California Democratic leaders have jettisoned long-time Senator Dianne Feinstein in favor of state legislator Kevin de León.
The California Democratic Party officially endorsed de León Saturday, in a move that was seen as a sign that the party was moving even further to the left, the San Jose Mercury News reported.
Feinstein, 85, is seeking her fifth full term in the Senate. She remains on the ballot in November against de León, 51. Feinstein and de Leon were the first- and second-place winners in California’s all-voter Senate primary, according to Polito. Under California election rules, the two top vote-getters in a primary race move on to a face-to-face race in the general election, regardless of party.
The Los Angeles-based de León, received 65 percent of the vote from the party’s executive board, against 7 percent for Feinstein. Feinstein’s plea that party leaders not back anyone was shown in the fact that 28 percent voted not to endorse anyone, the Los Angeles Times reported.
The request annoyed some party leaders.
“It’s strategically what you do when you know you can’t win,” said Eric Sunderland, the Democrats’ Sacramento regional director, according to the Sacramento Bee. “She knew she was not going to win. It’s a blocking maneuver.”
De León characterized his win as a rejection of politics as usual.
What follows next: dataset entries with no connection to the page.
(* Let $L$ be a finite-dimensional Lie algebra over a perfect field $K$ of characteristic $\neq 2$ such that $\mathrm{HomLie}(L)$ is closed with respect to the anticommutator $\varphi * \psi = \frac12(\varphi\circ\psi+\psi\circ\varphi)$. Then one of the following holds: (i) $\mathrm{HomLie}(L)$, as a Jordan algebra with respect to $*$, is such that every element of it is either invertible or nilpotent; (ii) $L$ decomposes as a direct sum of vector spaces $L = A \oplus B$ with $A, B \neq 0$, $[[A,A],B] = 0$ and $[[B,B],A] = 0$ (equivalently, $L$ has an idempotent Hom-Lie structure different from $0$ and from the identity map). Moreover, if $K$ is algebraically closed, then condition (i) can be replaced by the condition: (i)$'$ the Jordan algebra $\mathrm{HomLie}(L)$ is isomorphic to the semidirect sum of $K$ and a nilpotent algebra.
   Context: A Hom-Lie structure on a Lie algebra $L$ is a linear map $\varphi: L \to L$ satisfying $[[x,y],\varphi(z)] + [[z,x],\varphi(y)] + [[y,z],\varphi(x)] = 0$ for all $x,y,z \in L$. $\mathrm{HomLie}(L)$ is the vector space of all Hom-Lie structures on $L$; when closed under the anticommutator it is a (special) Jordan algebra with product $\varphi*\psi$. *)

From HB Require Import structures.
From mathcomp Require Import all_boot all_order all_algebra.
Set Implicit Arguments. Unset Strict Implicit. Unset Printing Implicit Defensive.
Import GRing.Theory.
Local Open Scope ring_scope.


Definition is_lie_bracket (K : fieldType) (V : vectType K) (br : V -> V -> V) : Prop :=
  [/\ (forall (a : K) (x y z : V), br (a *: x + y) z = a *: br x z + br y z),
      (forall (a : K) (x y z : V), br z (a *: x + y) = a *: br z x + br z y),
      (forall x : V, br x x = 0) &
      (forall x y z : V, br x (br y z) + br y (br z x) + br z (br x y) = 0)].

Definition homlie (K : fieldType) (V : vectType K) (br : V -> V -> V)
    (phi : 'End(V)) : Prop :=
  forall x y z : V,
    br (br x y) (phi z) + br (br z x) (phi y) + br (br y z) (phi x) = 0.

Definition jprod (K : fieldType) (V : vectType K) (phi psi : 'End(V)) : 'End(V) :=
  (2%:R : K)^-1 *: ((phi \o psi)%VF + (psi \o phi)%VF).

Fixpoint jpow (K : fieldType) (V : vectType K) (phi : 'End(V)) (n : nat) : 'End(V) :=
  if n is m.+1 then jprod phi (jpow phi m) else \1%VF.

Definition jinvertible (K : fieldType) (V : vectType K) (J : 'End(V) -> Prop)
    (phi : 'End(V)) : Prop :=
  exists2 psi, J psi & jprod phi psi = \1%VF /\ jprod (jprod phi phi) psi = phi.

Definition jnilpotent (K : fieldType) (V : vectType K) (phi : 'End(V)) : Prop :=
  exists n : nat, (0 < n)%N /\ jpow phi n = 0.

Inductive jmonomial (K : fieldType) (V : vectType K) (N : {vspace 'End(V)})
    : nat -> 'End(V) -> Prop :=
  | jmon1 x : x \in N -> jmonomial N 1 x
  | jmonM i j x y : jmonomial N i x -> jmonomial N j y ->
      jmonomial N (i + j) (jprod x y).

(* N is a nilpotent (Jordan) algebra: N^m = 0 for all large m, where
   N^m is spanned by the monomials of degree m. *)
Definition jnilpotent_algebra (K : fieldType) (V : vectType K)
    (N : {vspace 'End(V)}) : Prop :=
  (forall x y, x \in N -> y \in N -> jprod x y \in N) /\
  exists n : nat, forall m x, (n <= m)%N -> jmonomial N m x -> x = 0.

(* Perfect field: char 0 or Frobenius surjective. *)
Definition perfect_field (K : fieldType) : Prop :=
  forall p : nat, p \in [pchar K] -> forall x : K, exists y : K, y ^+ p = x.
“Earning the endorsement of so many leaders and activists of the California Democratic Party isn’t just an honor and a privilege; today’s vote is a clear-eyed rejection of politics as usual in Washington, D.C.,” he said in a statement. “We have presented Californians with the first real alternative to the worn-out Washington playbook in a quarter-century.“
Winning the endorsement and the election are different matters. Last month, Feinstein won the Senate “jungle” primary with 44 percent of the vote while de León came in second at 12 percent.
However, among party leaders, de León has enjoyed stronger support. In February, at the party’s convention, he won 54 percent of the leadership’s support against 37 percent for Feinstein. California Democratic Party rules requires that the party’s nominee reach the 60 percent mark, which required a second vote this weekend.
In its reporting on de León’s win, The New York Times connected it to the victories of other left-leaning candidates who have scored upsets recently, including Alexandria Ocasio-Cortez. Cortez, a member of the Democratic Socialists of America, upset long-time New York City Democratic powerhouse Joseph Crowley in a congressional primary in June.
Feinstein’s camp, however, projected confidence that the voters at large would keep her in the Senate.
“We are confident that a large majority of California Democrats will vote to re-elect Sen. Feinstein in November,” Jeff Millman, her campaign manager, said Saturday night, according to WFMZ.
Bill Carrick, an adviser to Feinstein, said the endorsement had little meaning.
“They are trying to demonstrate that they have a pulse,” Carrick said in reference to de León’s campaign. “And that’s what it’s all about. They have no opportunity between the primary and Labor Day to get any attention. This is the only game in town. Desperate strokes for desperate folks.”
Jonathan Underland, a spokesman for de León, said the real issue was that Feinstein was no longer in tune with her party.
“They’ve struggled to capture the imagination and vision of one of the nation’s most accomplished Democratic parties,” he said.
Feinstein found herself losing popularity in her party last year when she suggested that forging a working relationship with President Donald Trump might be possible.
“It was like the 13th stroke of a clock. It just caught everybody’s attention,” California Democratic political strategist Garry South said, according to the Los Angeles Times. “The political ground has just really shifted to the left right under her feet, and I’m just not sure she gets it.”